#### Aim of the task:
What lines in the records below hold the string "conj"? Please show them.

[Entries taken from a collection]
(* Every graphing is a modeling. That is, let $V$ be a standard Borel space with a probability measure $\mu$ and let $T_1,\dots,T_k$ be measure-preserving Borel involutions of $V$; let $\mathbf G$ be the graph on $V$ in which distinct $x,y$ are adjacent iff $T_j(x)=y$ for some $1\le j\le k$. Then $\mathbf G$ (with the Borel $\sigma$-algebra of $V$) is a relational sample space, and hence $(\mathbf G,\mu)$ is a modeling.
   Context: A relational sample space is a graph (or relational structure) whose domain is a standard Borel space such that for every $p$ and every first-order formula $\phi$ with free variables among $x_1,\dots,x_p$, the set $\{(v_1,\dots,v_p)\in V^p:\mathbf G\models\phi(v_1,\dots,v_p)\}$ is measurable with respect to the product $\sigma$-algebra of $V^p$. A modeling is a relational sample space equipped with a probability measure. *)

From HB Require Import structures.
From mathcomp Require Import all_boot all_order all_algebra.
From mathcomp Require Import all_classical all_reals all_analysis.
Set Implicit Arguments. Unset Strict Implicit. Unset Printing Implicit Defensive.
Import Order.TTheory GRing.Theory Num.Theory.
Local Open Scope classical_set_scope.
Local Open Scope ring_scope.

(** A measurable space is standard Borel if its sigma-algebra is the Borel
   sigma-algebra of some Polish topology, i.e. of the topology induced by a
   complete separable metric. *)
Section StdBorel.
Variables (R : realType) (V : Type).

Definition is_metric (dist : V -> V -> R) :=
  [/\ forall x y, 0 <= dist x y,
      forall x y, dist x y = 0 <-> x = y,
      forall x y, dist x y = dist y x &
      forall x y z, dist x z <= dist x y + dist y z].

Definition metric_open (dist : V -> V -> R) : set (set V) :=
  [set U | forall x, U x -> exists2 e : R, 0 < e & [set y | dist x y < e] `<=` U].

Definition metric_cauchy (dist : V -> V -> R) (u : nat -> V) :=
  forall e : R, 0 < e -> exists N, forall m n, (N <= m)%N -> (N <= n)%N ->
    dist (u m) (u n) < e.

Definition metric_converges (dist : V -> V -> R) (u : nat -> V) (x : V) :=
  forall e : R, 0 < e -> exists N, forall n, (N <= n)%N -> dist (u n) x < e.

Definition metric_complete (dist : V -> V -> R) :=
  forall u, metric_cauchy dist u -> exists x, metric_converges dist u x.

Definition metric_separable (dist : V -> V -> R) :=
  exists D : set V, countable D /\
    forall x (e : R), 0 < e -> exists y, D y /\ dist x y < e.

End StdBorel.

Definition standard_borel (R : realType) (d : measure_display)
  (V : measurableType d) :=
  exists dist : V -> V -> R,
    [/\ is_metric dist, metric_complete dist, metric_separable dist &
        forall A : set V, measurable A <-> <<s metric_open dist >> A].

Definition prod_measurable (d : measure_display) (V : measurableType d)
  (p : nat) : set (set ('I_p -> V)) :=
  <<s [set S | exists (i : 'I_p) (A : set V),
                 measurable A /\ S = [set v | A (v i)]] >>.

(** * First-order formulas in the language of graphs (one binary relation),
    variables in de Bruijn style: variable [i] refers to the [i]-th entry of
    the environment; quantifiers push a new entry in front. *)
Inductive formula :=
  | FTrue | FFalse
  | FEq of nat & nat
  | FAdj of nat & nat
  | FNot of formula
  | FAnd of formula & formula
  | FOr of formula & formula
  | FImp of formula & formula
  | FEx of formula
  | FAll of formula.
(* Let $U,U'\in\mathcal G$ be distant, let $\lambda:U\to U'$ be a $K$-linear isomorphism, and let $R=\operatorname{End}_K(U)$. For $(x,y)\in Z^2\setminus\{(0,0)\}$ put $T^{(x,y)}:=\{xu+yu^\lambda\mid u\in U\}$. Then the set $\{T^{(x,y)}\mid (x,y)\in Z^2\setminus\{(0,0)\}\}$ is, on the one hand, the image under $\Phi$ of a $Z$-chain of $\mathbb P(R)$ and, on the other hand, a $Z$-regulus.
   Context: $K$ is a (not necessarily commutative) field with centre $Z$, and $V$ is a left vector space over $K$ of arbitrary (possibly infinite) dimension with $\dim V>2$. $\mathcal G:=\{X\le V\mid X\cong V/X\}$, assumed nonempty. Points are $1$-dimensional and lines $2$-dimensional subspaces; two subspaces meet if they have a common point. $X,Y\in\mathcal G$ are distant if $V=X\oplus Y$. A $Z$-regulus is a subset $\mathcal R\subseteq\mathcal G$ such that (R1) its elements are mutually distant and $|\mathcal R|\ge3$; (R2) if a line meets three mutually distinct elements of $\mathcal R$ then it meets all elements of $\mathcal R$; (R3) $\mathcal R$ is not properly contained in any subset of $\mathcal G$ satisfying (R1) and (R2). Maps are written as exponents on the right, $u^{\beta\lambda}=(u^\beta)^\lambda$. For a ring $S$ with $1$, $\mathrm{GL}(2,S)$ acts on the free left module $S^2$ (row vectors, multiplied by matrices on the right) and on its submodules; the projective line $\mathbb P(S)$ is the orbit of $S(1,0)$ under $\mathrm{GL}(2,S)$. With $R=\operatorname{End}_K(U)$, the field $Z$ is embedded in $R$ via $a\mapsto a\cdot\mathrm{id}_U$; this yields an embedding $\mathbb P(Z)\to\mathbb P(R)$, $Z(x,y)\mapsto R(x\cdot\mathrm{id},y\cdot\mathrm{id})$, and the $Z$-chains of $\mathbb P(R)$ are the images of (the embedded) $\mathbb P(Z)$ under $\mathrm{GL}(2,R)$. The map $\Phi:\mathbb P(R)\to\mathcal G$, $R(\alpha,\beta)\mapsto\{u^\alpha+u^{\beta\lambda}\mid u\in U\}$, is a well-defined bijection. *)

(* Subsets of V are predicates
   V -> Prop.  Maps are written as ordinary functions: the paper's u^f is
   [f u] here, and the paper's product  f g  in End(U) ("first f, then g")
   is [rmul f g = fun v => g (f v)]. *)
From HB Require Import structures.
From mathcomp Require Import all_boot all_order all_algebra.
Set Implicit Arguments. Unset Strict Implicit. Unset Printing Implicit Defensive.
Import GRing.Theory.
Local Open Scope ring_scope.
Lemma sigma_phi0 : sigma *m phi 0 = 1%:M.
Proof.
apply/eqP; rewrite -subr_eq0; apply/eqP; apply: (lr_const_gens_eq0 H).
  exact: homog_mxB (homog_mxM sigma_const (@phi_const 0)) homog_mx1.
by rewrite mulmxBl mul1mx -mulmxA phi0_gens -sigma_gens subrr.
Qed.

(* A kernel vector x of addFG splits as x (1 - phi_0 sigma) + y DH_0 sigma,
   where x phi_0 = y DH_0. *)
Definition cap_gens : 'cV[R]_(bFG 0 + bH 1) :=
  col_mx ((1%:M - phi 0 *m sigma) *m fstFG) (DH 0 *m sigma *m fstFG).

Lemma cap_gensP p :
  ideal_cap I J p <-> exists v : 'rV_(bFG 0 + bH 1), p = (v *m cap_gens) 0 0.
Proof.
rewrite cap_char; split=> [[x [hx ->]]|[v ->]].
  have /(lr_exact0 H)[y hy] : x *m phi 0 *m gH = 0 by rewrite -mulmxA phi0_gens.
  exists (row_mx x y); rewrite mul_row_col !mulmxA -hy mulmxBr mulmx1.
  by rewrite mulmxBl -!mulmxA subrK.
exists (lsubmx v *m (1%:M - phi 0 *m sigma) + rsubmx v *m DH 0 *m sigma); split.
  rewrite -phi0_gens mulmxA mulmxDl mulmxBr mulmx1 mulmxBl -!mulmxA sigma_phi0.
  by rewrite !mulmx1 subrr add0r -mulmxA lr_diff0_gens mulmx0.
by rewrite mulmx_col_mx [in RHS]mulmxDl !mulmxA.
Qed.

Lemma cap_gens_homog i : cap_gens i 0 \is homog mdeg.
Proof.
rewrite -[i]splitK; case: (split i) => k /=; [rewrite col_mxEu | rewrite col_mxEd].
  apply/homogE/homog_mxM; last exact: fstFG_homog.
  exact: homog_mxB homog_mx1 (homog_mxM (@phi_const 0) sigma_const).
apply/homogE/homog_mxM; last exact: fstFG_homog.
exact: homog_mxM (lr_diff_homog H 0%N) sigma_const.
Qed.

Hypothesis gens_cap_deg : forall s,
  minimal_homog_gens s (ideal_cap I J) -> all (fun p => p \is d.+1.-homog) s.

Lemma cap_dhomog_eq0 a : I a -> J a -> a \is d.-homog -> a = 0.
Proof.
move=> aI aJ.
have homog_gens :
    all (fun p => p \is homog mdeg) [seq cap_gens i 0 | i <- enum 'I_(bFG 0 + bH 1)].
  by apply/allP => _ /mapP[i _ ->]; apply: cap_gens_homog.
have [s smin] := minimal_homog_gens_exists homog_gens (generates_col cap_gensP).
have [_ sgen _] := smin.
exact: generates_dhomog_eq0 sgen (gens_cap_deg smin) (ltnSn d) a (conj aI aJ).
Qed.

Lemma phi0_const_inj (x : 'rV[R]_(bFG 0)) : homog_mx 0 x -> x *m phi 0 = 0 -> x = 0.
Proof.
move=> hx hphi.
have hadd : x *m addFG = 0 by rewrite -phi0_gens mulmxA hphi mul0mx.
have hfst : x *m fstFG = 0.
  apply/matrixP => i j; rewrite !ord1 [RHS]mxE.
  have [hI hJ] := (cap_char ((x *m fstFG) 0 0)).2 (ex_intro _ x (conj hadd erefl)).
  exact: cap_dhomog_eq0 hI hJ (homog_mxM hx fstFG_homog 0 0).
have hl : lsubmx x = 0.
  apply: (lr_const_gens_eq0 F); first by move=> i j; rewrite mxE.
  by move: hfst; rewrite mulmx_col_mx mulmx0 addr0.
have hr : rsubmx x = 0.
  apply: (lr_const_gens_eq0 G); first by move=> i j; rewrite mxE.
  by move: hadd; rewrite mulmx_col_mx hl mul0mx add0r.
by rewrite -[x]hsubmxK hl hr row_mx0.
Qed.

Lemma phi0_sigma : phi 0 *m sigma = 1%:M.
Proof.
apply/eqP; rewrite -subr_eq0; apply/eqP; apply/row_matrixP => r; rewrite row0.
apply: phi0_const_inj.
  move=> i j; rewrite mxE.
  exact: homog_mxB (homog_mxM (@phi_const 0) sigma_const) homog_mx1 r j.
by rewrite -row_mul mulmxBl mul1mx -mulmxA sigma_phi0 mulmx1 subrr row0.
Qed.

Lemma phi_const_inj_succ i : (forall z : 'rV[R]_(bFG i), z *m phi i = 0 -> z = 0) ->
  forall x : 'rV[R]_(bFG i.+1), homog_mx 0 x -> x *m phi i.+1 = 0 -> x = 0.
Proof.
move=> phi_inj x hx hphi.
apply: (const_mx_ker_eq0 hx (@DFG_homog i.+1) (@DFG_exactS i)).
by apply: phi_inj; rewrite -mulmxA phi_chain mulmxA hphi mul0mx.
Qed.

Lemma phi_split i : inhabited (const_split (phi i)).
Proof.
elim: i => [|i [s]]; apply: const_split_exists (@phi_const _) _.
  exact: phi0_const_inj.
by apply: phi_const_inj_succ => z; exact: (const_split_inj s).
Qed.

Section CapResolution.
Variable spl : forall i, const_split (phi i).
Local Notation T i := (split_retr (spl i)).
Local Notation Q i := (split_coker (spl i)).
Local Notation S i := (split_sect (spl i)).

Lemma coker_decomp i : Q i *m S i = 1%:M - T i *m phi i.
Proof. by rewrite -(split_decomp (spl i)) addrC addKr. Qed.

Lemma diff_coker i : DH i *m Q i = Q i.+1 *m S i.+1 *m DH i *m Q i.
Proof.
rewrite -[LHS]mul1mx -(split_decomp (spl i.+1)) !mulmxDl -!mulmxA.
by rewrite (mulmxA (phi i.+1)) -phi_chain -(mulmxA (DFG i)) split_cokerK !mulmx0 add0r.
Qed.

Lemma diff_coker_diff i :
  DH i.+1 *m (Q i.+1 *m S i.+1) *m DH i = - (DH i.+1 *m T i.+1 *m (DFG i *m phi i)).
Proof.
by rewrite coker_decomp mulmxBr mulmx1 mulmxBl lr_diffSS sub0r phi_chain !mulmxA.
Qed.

#### Exercise result:
exact: generates_dhomog_eq0 sgen (gens_cap_deg smin) (ltnSn d) a (conj aI aJ).
  have [hI hJ] := (cap_char ((x *m fstFG) 0 0)).2 (ex_intro _ x (conj hadd erefl)).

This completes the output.